Despite the high adoption, many Australians overlook the endless array of security weaknesses that may be present in managing IoT devices from mobile apps. For example, more than one in four Australians (28 percent) say they would feel secure using a home entry app that allows them to open the door remotely for friends and family, while they are away from their home. In addition, two-thirds of Australians (66 percent) do not have security software on their smartphones and almost a third (33 percent) choose not to have a password or pin on these devices [1].
While more than half of respondents globally (56 percent; 61 percent in Australia) say the prospect of their financial and banking information stored on their phone being hacked is upsetting, for nearly 10 percent of smartphone users around the world (seven percent in Australia), say there is not a single thing a hacker could take from their phone that would upset them. This includes text and voice messages, pictures and videos, mobile app-controlled home security cameras and appliances.
“There is a general lack of security awareness amongst consumers when it comes to managing IoT devices from mobile apps.
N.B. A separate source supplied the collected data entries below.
(* Let $p$ be a prime, let $G$ be a pseudosimple group of split-$p$-$p$ type, and let $C=(C_1,\dots,C_r)$ be a list of unambiguous conjugacy classes of $G$. Then $H_2(G)_C\neq H_2'(G)_C$ if and only if none of the $C_i$ is inert and at least one of the $C_i$ is mixed.
   Context: $G'$ is the derived subgroup, $G^{\mathrm{ab}}=G/G'$. $G$ is pseudosimple if it is a finite centerless group, $G'$ is isomorphic to a power of a nonabelian simple group, and $G/N$ is abelian for every nontrivial normal subgroup $N$. It has split-$p$-$p$ type if $G\to G^{\mathrm{ab}}$ has a section and $|G^{\mathrm{ab}}|=|H_2(G,\mathbb{Z})|=p$. A class is unambiguous if conjugation by $G'$ acts transitively on it. $H_2(G)=H_2(G,\mathbb{Z})$ (the Schur multiplier). For commuting $x,y\in G$, $\langle x,y\rangle\in H_2(G)$ is the image of the fundamental class of $H_2(\mathbb{Z}^2)$ under $(m,n)\mapsto x^my^n$. $H_2(G)_C$ is the subgroup generated by all $\langle g,z\rangle$ with $g\in\bigcup C_i$, $z\in Z(g)$; $H_2'(G)_C$ is the subgroup generated by all $\langle g,z\rangle$ with $g\in\bigcup C_i$, $z\in Z(g)\cap G'$. Let $\tilde G\to G$ be a Schur cover (a central stem extension with kernel $H_2(G)$). An unambiguous class $C_i$ with preimage $\tilde C_i\subseteq\tilde G$ is split if $\tilde C_i$ consists of $p$ conjugacy classes of $\tilde G$; mixed if $\tilde C_i$ is a single $\tilde G$-conjugacy class but splits into $p$ distinct orbits under conjugation by $\tilde G'$; inert otherwise. *)

From HB Require Import structures.
From mathcomp Require Import all_boot all_order all_algebra all_fingroup all_solvable.
Set Implicit Arguments. Unset Strict Implicit. Unset Printing Implicit Defensive.
Import GRing.Theory.
Local Open Scope group_scope.

Definition power_of_nonabelian_simple (gT : finGroupType) (K : {set gT}) : Prop :=
  exists (sT : finGroupType) (S : {group sT}) (n : nat) (H : 'I_n -> {group gT}),
    [/\ simple S, ~~ abelian S, (forall i, H i \isog S)
      & \big[dprod/1]_(i < n) H i = K].

Definition pseudosimple (gT : finGroupType) (G : {group gT}) : Prop :=
  [/\ 'Z(G) = 1,
      power_of_nonabelian_simple G^`(1)
    & forall N : {group gT}, N <| G -> N :!=: 1 -> abelian (G / N)].

(* Chains: C_1 = Z[G], C_2 = Z[G^2], C_3 = Z[G^3], encoded as integer-valued
   functions on gT, gT*gT, gT*gT*gT whose support lies in G (resp. G^2, G^3). *)
Local Open Scope ring_scope.

Definition bd2 (gT : finGroupType) (c : {ffun gT * gT -> int}) : {ffun gT -> int} :=
  [ffun g => \sum_(u : gT * gT)
     c u * ((u.2 == g)%:R - ((u.1 * u.2)%g == g)%:R + (u.1 == g)%:R)].

Definition bd3 (gT : finGroupType) (f : {ffun gT * gT * gT -> int})
  : {ffun gT * gT -> int} :=
  [ffun v => \sum_(u : gT * gT * gT)
     f u * (((u.1.2, u.2) == v)%:R - (((u.1.1 * u.1.2)%g, u.2) == v)%:R
            + ((u.1.1, (u.1.2 * u.2)%g) == v)%:R - ((u.1.1, u.1.2) == v)%:R)].

Definition supp2 (gT : finGroupType) (G : {set gT}) (c : {ffun gT * gT -> int}) :=
  forall u, c u != 0 -> (u.1 \in G) && (u.2 \in G).

Definition supp3 (gT : finGroupType) (G : {set gT}) (f : {ffun gT * gT * gT -> int}) :=
  forall u, f u != 0 -> [&& u.1.1 \in G, u.1.2 \in G & u.2 \in G].

Definition cycle2 (gT : finGroupType) (G : {set gT}) (c : {ffun gT * gT -> int}) :=
  supp2 G c /\ bd2 c = 0.

Definition bdry2 (gT : finGroupType) (G : {set gT}) (c : {ffun gT * gT -> int}) :=
  exists f, supp3 G f /\ c = bd3 f.

(* |H_2(G,Z)| = n : the quotient of 2-cycles by 2-boundaries has exactly n elements *)
Definition H2_order (gT : finGroupType) (G : {set gT}) (n : nat) : Prop :=
  exists s : seq {ffun gT * gT -> int},
    [/\ size s = n,
        (forall c, c \in s -> cycle2 G c),
        (forall i j, (i < n)%N -> (j < n)%N -> i != j ->
           ~ bdry2 G (nth 0 s i - nth 0 s j))
      & forall c, cycle2 G c -> exists2 c', c' \in s & bdry2 G (c - c')].

(* <x,y> for commuting x, y: class of the cycle [x|y] - [y|x], the image of the
   fundamental class of H_2(Z^2) under (m,n) |-> x^m y^n. *)
Definition pair2 (gT : finGroupType) (x y : gT) : {ffun gT * gT -> int} :=
  [ffun u => (u == (x, y))%:R - (u == (y, x))%:R].

(* c lies in the subgroup of H_2(G) generated by the classes of the chains in S:
   c is congruent mod boundaries to an integer combination of elements of S *)
Definition in_span_H2 (gT : finGroupType) (G : {set gT})
  (S : {ffun gT * gT -> int} -> Prop) (c : {ffun gT * gT -> int}) : Prop :=
  exists s : seq (int * {ffun gT * gT -> int}),
    (forall a, a \in s -> S a.2) /\
    bdry2 G (c - \sum_(a <- s) (a.2 *~ a.1)).

Definition H2_C (gT : finGroupType) (G : {group gT}) (r : nat)
  (C : 'I_r -> {set gT}) : {ffun gT * gT -> int} -> Prop :=
  in_span_H2 G (fun c => exists i g z,
    [/\ g \in C i, z \in ('C_G[g])%g & c = pair2 g z]).

Definition H2'_C (gT : finGroupType) (G : {group gT}) (r : nat)
  (C : 'I_r -> {set gT}) : {ffun gT * gT -> int} -> Prop :=
  in_span_H2 G (fun c => exists i g z,
    [/\ g \in C i, z \in ('C_G[g] :&: G^`(1))%g & c = pair2 g z]).

Definition same_subgroup_H2 (gT : finGroupType) (G : {set gT})
  (P Q : {ffun gT * gT -> int} -> Prop) : Prop :=
  forall c, cycle2 G c -> (P c <-> Q c).

Local Close Scope ring_scope.

Definition split_pp_type (p : nat) (gT : finGroupType) (G : {group gT}) : Prop :=
  [/\ exists s : {morphism (G / G^`(1))%G >-> gT},
        forall x, x \in G / G^`(1) -> s x \in G /\ coset G^`(1) (s x) = x,
      #|G / G^`(1)| = p
    & H2_order G p].

Definition unambiguous (gT : finGroupType) (G : {group gT}) (C : {set gT}) : Prop :=
  C \in classes G /\
  forall x y, x \in C -> y \in C -> exists2 g, g \in G^`(1) & y = x ^ g.

(* Schur cover pi : Gt ->> G : central stem extension with kernel H_2(G)
   (kernel of the same order as H_2(G)) *)
Definition schur_cover (gT sT : finGroupType) (G : {group gT}) (Gt : {group sT})
  (pi : {morphism Gt >-> gT}) : Prop :=
  [/\ pi @* Gt = G, 'ker pi \subset 'Z(Gt), 'ker pi \subset Gt^`(1)
    & H2_order G #|'ker pi|].

Definition split_class (p : nat) (gT sT : finGroupType) (Gt : {group sT})
  (pi : {morphism Gt >-> gT}) (C : {set gT}) : Prop :=
  #|[set x ^: Gt | x in pi @*^-1 C]| = p.

Definition mixed_class (p : nat) (gT sT : finGroupType) (Gt : {group sT})
  (pi : {morphism Gt >-> gT}) (C : {set gT}) : Prop :=
  #|[set x ^: Gt | x in pi @*^-1 C]| = 1%N /\
  #|[set x ^: Gt^`(1) | x in pi @*^-1 C]| = p.
Definition group_iso_to_ss (Sigma X : finType) (G : (seq Sigma -> seq Sigma) -> Prop)
    (B : ss_automaton X) : Prop :=
  exists phi : (seq Sigma -> seq Sigma) -> (seq X -> seq X),
    (forall f, G f -> in_ss_group B (phi f)) /\
    (forall f g, G f -> G g -> phi f = phi g -> f = g) /\
    (forall h, in_ss_group B h -> exists f, G f /\ phi f = h) /\
    (forall f g, G f -> G g -> phi (f \o g) = phi f \o phi g).

Definition iso_to_self_similar_group (Sigma : finType)
    (G : (seq Sigma -> seq Sigma) -> Prop) : Prop :=
  exists (X : finType) (B : ss_automaton X), group_iso_to_ss G B.

From mathcomp Require Import all_boot zify.
From Stdlib Require Import FunctionalExtensionality.
Set Implicit Arguments. Unset Strict Implicit. Unset Printing Implicit Defensive.

(* Every element f of S has sections: f (u ++ v) = f u ++ f|_u v with f|_u in S.
   For an idempotent h of S, the group of units of h S h is a maximal subgroup;
   since G is the only one, S has a single idempotent e and G is the group of
   units of e S e.  The section of e at an e-fixed word is again idempotent,
   hence equal to e, so e (u ++ v) = u ++ e v whenever e u = u.  Hence every
   e-fixed word is a concatenation of atoms (minimal nonempty fixed words),
   each atom equals e [:: c] for its first letter c, and G permutes the finitely
   many atoms.  Letting G act on words over the atoms letter by letter through
   its sections gives an invertible synchronous automaton, and this action is
   faithful because f w = f (e w) and e w is a concatenation of atoms. *)

Section Sections.
Variables (Q Sigma : finType) (A : expanding_automaton Q Sigma).
Local Notation S := (in_ea_semigroup A).
Lemma sup_exprn_le (R : realType) (E : set R) (k : nat) (K : R) :
  (0 < k)%N -> 0 <= K -> (forall x, E x -> 0 <= x /\ x ^+ k <= K) ->
  sup E ^+ k <= K.
Proof.
move=> k_gt0 K_ge0 EK; set b := K `^ k%:R^-1.
have b_ge0 : 0 <= b by exact: powR_ge0.
have bK : b ^+ k = K.
  rewrite -powR_mulrn // -powRrM mulVf ?powRr1 //.
  by rewrite pnatr_eq0 -lt0n.
have Eb x : E x -> 0 <= x <= b.
  by case/EK=> x0 xK; rewrite x0 -(ler_pXn2r k_gt0) ?nnegrE ?bK.
have [->|/set0P[x Ex]] := eqVneq E set0; first by rewrite sup0 expr0n gtn_eqF.
rewrite -bK lerXn2r ?nnegrE //.
- have Eub : has_ubound E by exists b => y /Eb /andP[].
  by apply: le_trans (ub_le_sup Eub Ex); case/andP: (Eb x Ex).
- by apply: ge_sup; [exists x | move=> y /Eb /andP[]].
Qed.

Section MatrixPower.
Variable R : realType.

Lemma mxpowSl (c : nat) (W : 'M[R]_c) k : mxpow W k.+1 = W *m mxpow W k.
Proof.
elim: k => [|k IHk]; first by rewrite -[mxpow W 1]/(1%:M *m W) mul1mx mulmx1.
by rewrite -[mxpow W k.+2]/(mxpow W k.+1 *m W) {1}IHk -mulmxA.
Qed.

Lemma mxpow_fixed (c : nat) (W : 'M[R]_c) (w : 'cV[R]_c) k :
  W *m w = w -> mxpow W k *m w = w.
Proof.
by move=> Ww; elim: k => [|k IHk]; rewrite ?mul1mx // -mulmxA Ww.
Qed.

Lemma eigen_map_mxpow (C : nzRingType) (f : {rmorphism R -> C}) (c : nat)
    (W : 'M[R]_c) (v : 'rV[C]_c) (l : C) k :
  v *m map_mx f W = l *: v -> v *m map_mx f (mxpow W k) = l ^+ k *: v.
Proof.
move=> vW; elim: k => [|k IHk]; first by rewrite map_mx1 mulmx1 scale1r.
by rewrite [mxpow _ _]/= map_mxM mulmxA IHk -scalemxAl vW scalerA exprSr.
Qed.

End MatrixPower.

Section SpectralNorm.
Variable R : realType.

Lemma enorm_ge0 (c : nat) (x : 'cV[R]_c) : 0 <= enorm x.
Proof. exact: sqrtr_ge0. Qed.

Lemma enorm_sqr (c : nat) (x : 'cV[R]_c) : enorm x ^+ 2 = \sum_i x i 0 ^+ 2.
Proof. by rewrite sqr_sqrtr // sumr_ge0 // => i _; rewrite sqr_ge0. Qed.

Lemma enorm0 (c : nat) : enorm (0 : 'cV[R]_c) = 0.
Proof. by rewrite /enorm big1 ?sqrtr0 // => i _; rewrite mxE expr0n. Qed.

Lemma enormZ (c : nat) (a : R) (x : 'cV[R]_c) : enorm (a *: x) = `|a| * enorm x.
Proof.
rewrite /enorm (eq_bigr (fun i => a ^+ 2 * x i 0 ^+ 2)) => [|i _]; last first.
  by rewrite mxE exprMn.
by rewrite -mulr_sumr sqrtrM ?sqr_ge0 // sqrtr_sqr.
Qed.

Lemma entry_le_enorm (c : nat) (x : 'cV[R]_c) i : `|x i 0| <= enorm x.
Proof.
rewrite -sqrtr_sqr ler_wsqrtr // (bigD1 i) //= lerDl sumr_ge0 // => j _.
exact: sqr_ge0.
Qed.

Lemma enorm_eq0 (c : nat) (x : 'cV[R]_c) : enorm x = 0 -> x = 0.
Proof.
move=> x0; apply/matrixP => i j; rewrite (ord1 j) mxE; apply/normr0_eq0.
by apply/eqP; rewrite eq_le normr_ge0 -x0 entry_le_enorm.
Qed.

Lemma dot_le_enorm (c : nat) (x z : 'cV[R]_c) :
  enorm x = 1 -> `|\sum_i x i 0 * z i 0| <= enorm z.
Proof.
move=> x1; set d := \sum_i x i 0 * z i 0.
(* [z - d x] is orthogonal to the unit vector [x], so its squared length is [|z|^2 - d^2]. *)
have : 0 <= \sum_i (z i 0 - d * x i 0) ^+ 2 by apply: sumr_ge0 => i _; apply: sqr_ge0.
have -> : \sum_i (z i 0 - d * x i 0) ^+ 2
          = \sum_i z i 0 ^+ 2 - 2 * d * d + d ^+ 2 * \sum_i x i 0 ^+ 2.
  rewrite mulr_sumr /d mulr_sumr -sumrB -big_split /=.
  by apply: eq_bigr => i _; ring.
rewrite -!enorm_sqr x1 expr1n mulr1 => d_le.
rewrite -(@ler_pXn2r _ 2) ?nnegrE ?enorm_ge0 // real_normK ?num_real //.
by rewrite !expr2 in d_le *; lra.
Qed.

Lemma specnorm_set_ubound (p q : nat) (M : 'M[R]_(p, q)) :
  has_ubound [set enorm (M *m x) | x in [set x : 'cV[R]_q | enorm x = 1]].
Proof.
exists (Num.sqrt (p%:R * (q%:R * `|M|) ^+ 2)) => _ [x x1 <-].
apply: ler_wsqrtr.
rewrite (_ : _ * _ = \sum_(i < p) (q%:R * `|M|) ^+ 2); last first.
  by rewrite sumr_const card_ord mulr_natl.
apply: ler_sum => i _; rewrite -real_normK ?num_real //.
apply: lerXn2r; rewrite ?nnegrE ?mulr_ge0 //.
rewrite mxE (_ : _ * _ = \sum_(j < q) `|M|); last first.
  by rewrite sumr_const card_ord mulr_natl.
apply: le_trans (ler_norm_sum _ _ _) (ler_sum _ _) => j _.
by rewrite normrM -[`|M|]mulr1 ler_pM ?entry_le_mx_norm // -x1 entry_le_enorm.
Qed.

Lemma enorm_le_specnorm (p q : nat) (M : 'M[R]_(p, q)) x :
  enorm x = 1 -> enorm (M *m x) <= specnorm M.
Proof. by move=> x1; apply: (ub_le_sup (specnorm_set_ubound M)); exists x. Qed.

Lemma specnorm_ge0 (p q : nat) (M : 'M[R]_(p, q)) : 0 <= specnorm M.
Proof.
rewrite /specnorm; set E := [set _ | _ in _].
have [->|/set0P[_ [x x1 _]]] := eqVneq E set0; first by rewrite sup0.
exact: le_trans (enorm_ge0 _) (enorm_le_specnorm M x1).
Qed.
Lemma real_induction (R : realType) (P : R -> Prop) (b : R) :
  (forall t, 0 <= t <= b -> (forall s, 0 <= s < t -> P s) -> P t) ->
  (forall t, 0 <= t < b -> (forall s, 0 <= s <= t -> P s) ->
    exists2 del, 0 < del & forall h, 0 < h < del -> t + h <= b -> P (t + h)) ->
  forall t, 0 <= t <= b -> P t.
Proof.
move=> left_step right_step.
have [b_lt0|b_ge0] := ltP b 0; first by move=> t /andP[t0 tb]; lra.
pose A := [set t | 0 <= t <= b /\ forall s, 0 <= s <= t -> P s].
have A0 : A 0.
  split; first by rewrite lexx b_ge0.
  move=> s /andP[s0 s_le0]; have -> : s = 0 by apply/eqP; rewrite eq_le s0 s_le0.
  by apply: left_step => [|r /andP[r0 r_lt0]]; [rewrite lexx b_ge0 | lra].
have A_ub : ubound A b by move=> t [/andP[_ tb] _].
have supA : has_sup A by split; [exists 0 | exists b].
set T := sup A.
have T_ge0 : 0 <= T by exact: sup_upper_bound.
have T_le_b : T <= b by apply: ge_sup => //; exists 0.
have P_below : forall s, 0 <= s < T -> P s.
  move=> s /andP[s0 sT].
  have [a [_ Pa] sa] := @sup_adherent _ A (T - s) ltac:(by rewrite subr_gt0) supA.
  by apply: Pa; rewrite -/T in sa; rewrite s0 /=; lra.
have AT : A T.
  split; first by rewrite T_ge0 T_le_b.
  move=> s /andP[s0]; rewrite le_eqVlt => /orP[/eqP ->|sT].
    by apply: left_step => //; rewrite T_ge0 T_le_b.
  by apply: P_below; rewrite s0 sT.
have T_eq_b : T = b.
  apply/eqP; rewrite eq_le T_le_b leNgt; apply/negP => T_lt_b.
  have T_range : 0 <= T < b by rewrite T_ge0.
  have [del del_gt0 P_right] := right_step T T_range AT.2.
  set m := Num.min del (b - T).
  have m_gt0 : 0 < m by rewrite lt_min del_gt0 subr_gt0.
  have m_le_del : m <= del by rewrite ge_min lexx.
  have m_le_bT : m <= b - T by rewrite ge_min lexx orbT.
  have : A (T + m / 2).
    split; first by apply/andP; split; lra.
    move=> s /andP[s0 s_le]; have [sT|Ts] := leP s T; first by apply: AT.2; rewrite s0.
    have -> : s = T + (s - T) by rewrite addrC subrK.
    by apply: P_right; [apply/andP; split|]; lra.
  by move=> /(sup_upper_bound supA); rewrite -/T; lra.
by move=> t tb; apply: AT.2; rewrite T_eq_b.
Qed.
Lemma hmul1r x : hmul x hone = x.
Proof. by case: x => [[a b] c]; rewrite /hmul /=; congr (_, _, _); field. Qed.

Lemma hmul_left_inverse x :
  x.1.1 != 0 -> exists2 y, y.1.1 != 0 & hmul y x = hone.
Proof.
case: x => [[a b] c] /= a0.
pose a' := a^-1; pose b' := - a' ^+ k * b / a.
pose c' := - (a' * a' ^+ k * c + a' * b' / 2 * a ^+ 2 - a' * b' / 2 * a
              + t * a' * b' * b) / a.
exists (a', b', c'); first by rewrite /= invr_eq0.
by rewrite /hmul /= /hone /c' /b' /a'; congr (_, _, _); field; rewrite a0 ?two_nz.
Qed.

Lemma hmul_unitP x : t = 0 \/ k = 2%N ->
  (exists y, hmul x y = hone /\ hmul y x = hone) <-> x.1.1 != 0.
Proof.
move=> kt; split=> [[y [xy _]] | x0].
  have /= := congr1 (fun w => w.1.1) xy.
  by apply: contra_eqN => /eqP ->; rewrite mul0r eq_sym oner_eq0.
have [y y0 yx] := hmul_left_inverse x0.
have [z _ zy] := hmul_left_inverse y0.
have zx : z = x by rewrite -[z]hmul1r -yx hmulA // zy hmul1l.
by exists y; rewrite -{1}zx.
Qed.

Definition hzero_symmetric := forall x, hmul hzero x = hzero.

Lemma hzero_symmetricP : hzero_symmetric <-> (0 < k)%N.
Proof.
split=> [z0 | k0 [[a b] c]].
  have /= := congr1 (fun w => w.1.2) (z0 (0, 1, 0)); rewrite /hmul /= expr0n.
  by rewrite mul0r add0r mulr1 lt0n; case: eqP => // _ /eqP; rewrite oner_eq0.
by rewrite /hmul /= expr0n eqn0Ngt k0 /=; congr (_, _, _); ring.
Qed.

Definition cyclic_orbit :=
  exists2 w, ~ hcentral w & forall y, exists n, hmul y w = hmuln w n.

Lemma twisted_no_cyclic_orbit : t != 0 -> ~ cyclic_orbit.
Proof.
move=> t0 [[[a b] c] ncw orbit]; have [n e] := orbit (1, 1, 0).
have [/esym e1 /esym e2] := hmuln_proj (a, b, c) n.
rewrite -e /hmul /= expr1n !mul1r in e1 e2.
have b0 : a = 0 -> b != 0.
  by move=> a0; apply/eqP => b0; apply: ncw; apply/hcentralE.
have n1 : n%:R = 1 :> F.
  have [a0 | a0] := eqVneq a 0; last by apply: (mulIf a0); rewrite e1 mul1r.
  by apply: (mulIf (b0 a0)); rewrite e2 a0 add0r mul1r.
have a0 : a = 0 by move: e2; rewrite n1 mul1r -{1}[b]add0r => /addIr.
move: e; rewrite (@hmuln_fst0 (a, b, c) n a0) n1 a0 /hmul /= => -[_ _].
rewrite expr1n expr0n /= !mul1r !(mulr0, mul0r, mulr1, addr0) -{2}[c]addr0 => /addrI /eqP.
by rewrite mulf_eq0 (negbTE t0) (negbTE (b0 a0)).
Qed.

End Multiplication.

Definition heis_nearring k t : nearring := NearRing heis hadd hzero hopp (hmul k t).

Lemma heis_nearring_local k t : t = 0 \/ k = 2%N -> local_nearring (heis_nearring k t).
Proof.
move=> kt; split.
  split=> /= [||||]; [exact: haddA | | | exact: hmulA | exact: hmulDr].
    by move=> x; rewrite hadd0l hadd0r.
  by move=> x; rewrite haddNl haddNr.
exists hone; split; first by move=> x; rewrite /= hmul1l hmul1r.
have nonunitE x : ~ nr_invertible (R := heis_nearring k t) hone x <-> x.1.1 = 0.
  by rewrite /nr_invertible /= (hmul_unitP _ kt); split=> [/negP/negbNE/eqP | ->]; rewrite ?eqxx.
by split=> [|x y /nonunitE x0 /nonunitE y0|x /nonunitE x0]; apply/nonunitE;
  rewrite //= ?x0 ?y0 ?addr0 ?oppr0.
Qed.

End HeisenbergGroup.

Lemma nr_isomorphic_sym (R S : nearring) : nr_isomorphic R S -> nr_isomorphic S R.
Proof.
case=> f [[g fK gK] [f_add f_mul]]; exists g; split; first by exists f.
by split=> x y; apply: (can_inj fK); rewrite ?f_add ?f_mul !gK.
Qed.


Section PrimeField.
Variable p : nat.
Hypotheses (p_pr : prime p) (p_gt2 : (2 < p)%N).
Local Notation F := 'F_p.
Local Open Scope ring_scope.

Lemma Fp_two_nz : 2 != 0 :> F.
Proof.
by apply/eqP => two0; have := congr1 (@nat_of_ord _) two0; rewrite val_Fp_nat // modn_small.
Qed.

Lemma Fp_expr_inj k k' : (k < p)%N -> (k' < p)%N -> (forall u : F, u ^+ k = u ^+ k') -> k = k'.
Proof.
wlog kk' : k k' / (k <= k')%N.
  move=> W kp k'p e; case/orP: (leq_total k k') => [le | /W ge]; first exact: W.
  by apply/esym/ge => // u; rewrite e.
move=> _ k'p e; apply/eqP; rewrite eqn_leq kk' leqNgt; apply/negP => lt_kk'.
pose P : {poly F} := 'X^k' - 'X^k.
have sizeP : size P = k'.+1 by rewrite size_polyDl ?size_polyN !size_polyXn.
have P_nz : P != 0 by rewrite -size_poly_eq0 sizeP.
have rootsP : all (root P) (enum F).
  by apply/allP => u _; rewrite /root !hornerE e subrr.
have := max_poly_roots P_nz rootsP (enum_uniq F).
by rewrite -cardE card_Fp // sizeP ltnS leqNgt k'p.
Qed.

Lemma untwisted_cyclic_orbit k : cyclic_orbit k (0 : F).
Proof.
exists (0, 1, 0); first by move/hcentralE => [_ /eqP]; rewrite oner_eq0.
move=> y; exists (y.1.1 ^+ k); rewrite hmuln_fst0 // natr_Zp.
by rewrite /hmul /=; congr (_, _, _); ring.
Qed.
Lemma psum_cvg_pointwise u w : (forall k, (fun M => u M k) @ \oo --> w k) ->
  forall n, (fun M => psum (u M) n) @ \oo --> psum w n.
Proof.
move=> uw; elim=> [|n IH].
  by rewrite psum0 (funext (fun M => psum0 (u M))); exact: cvg_cst.
rewrite psumS (funext (fun M => psumS (u M) n)).
exact: cvgD IH (cvg_norm (uw n)).
Qed.

End AbsolutelySummable.

Section AbsolutelySummableComplete.
Variables (R : realType) (X : nat -> completeNormedModType R).
Local Notation V := (forall k, X k).
Implicit Types (z w : V) (u : nat -> V).

Lemma l1_cauchy_cvg u : (forall M, in_l1 (u M)) ->
  (forall e, 0 < e -> exists M0, forall M M', (M0 <= M)%N -> (M0 <= M')%N ->
     forall n, psum (fun k => u M k - u M' k) n <= e) ->
  exists2 w, in_l1 w & forall e, 0 < e -> exists M0, forall M, (M0 <= M)%N ->
     forall n, psum (fun k => u M k - w k) n <= e.
Proof.
move=> u1 u_cauchy.
have u_cvg k : cvgn (fun M => u M k).
  apply: cauchy_cvg; apply: cauchy_exP => e e0.
  have e2 : 0 < e / 2 by lra.
  have [M0 HM0] := u_cauchy _ e2.
  exists (u M0 k); exists M0 => // M /= M0M; rewrite -ball_normE /ball_ /=.
  apply: le_lt_trans (norm_le_psum (fun k => u M0 k - u M k) k) _.
  by apply: le_lt_trans (HM0 M0 M (leqnn _) M0M k.+1) _; lra.
pose w : V := fun k => lim (u M k @[M --> \oo]).
have uw e : 0 < e -> exists M0, forall M, (M0 <= M)%N ->
    forall n, psum (fun k => u M k - w k) n <= e.
  move=> e0; have [M0 HM0] := u_cauchy e e0; exists M0 => M M0M n.
  have lim_psum : (fun M' => psum (fun k => u M k - u M' k) n) @ \oo -->
      psum (fun k => u M k - w k) n.
    apply: (psum_cvg_pointwise (u := fun M' k => u M k - u M' k)) => k.
    exact: cvgB (cvg_cst _) (u_cvg k).
  rewrite -(cvg_lim _ lim_psum) //; apply: limr_le; first exact: cvgP lim_psum.
  by exists M0 => // M' /= M0M'; apply: HM0.
exists w => //; have [M0 HM0] := uw 1 ltr01.
apply: nondecreasing_is_cvgn; first exact: le_psum.
exists (1 + normZ (u M0)) => _ [n _ <-].
apply: le_trans (lerD (HM0 M0 (leqnn _) n) (psum_le_normZ n (u1 M0))).
rewrite !psumE -big_split /=; apply: ler_sum => k _.
by rewrite -{1}(subKr (u M0 k) (w k)) addrC ler_normB.
Qed.

End AbsolutelySummableComplete.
Getting hacked is not something consumers worry about with the devices they use to monitor their children, lock their front doors or manage their entertainment systems,” said Mark Gorrie, Director, Pacific region, Norton by Symantec.
“Most of the research into attacks on IoT devices has focused on attacking the device directly, but there is another way these devices are at risk: many IoT devices are controlled by mobile apps and by not protecting these apps, Australians are leaving the door wide open for hackers.”
In 2015, Norton by Symantec scanned approximately 11 million Android apps in its database. Of these apps, 3.3 million were identified as malicious and a further 3 million apps had potential privacy or intrusive behaviours. These apps can send sensitive information from your phone, including account and device details, browser history, location and call logs from the device without encryption. The intrusive behaviours include adding browser favourites, putting up big banner ads, or changing desktop images or ringtones.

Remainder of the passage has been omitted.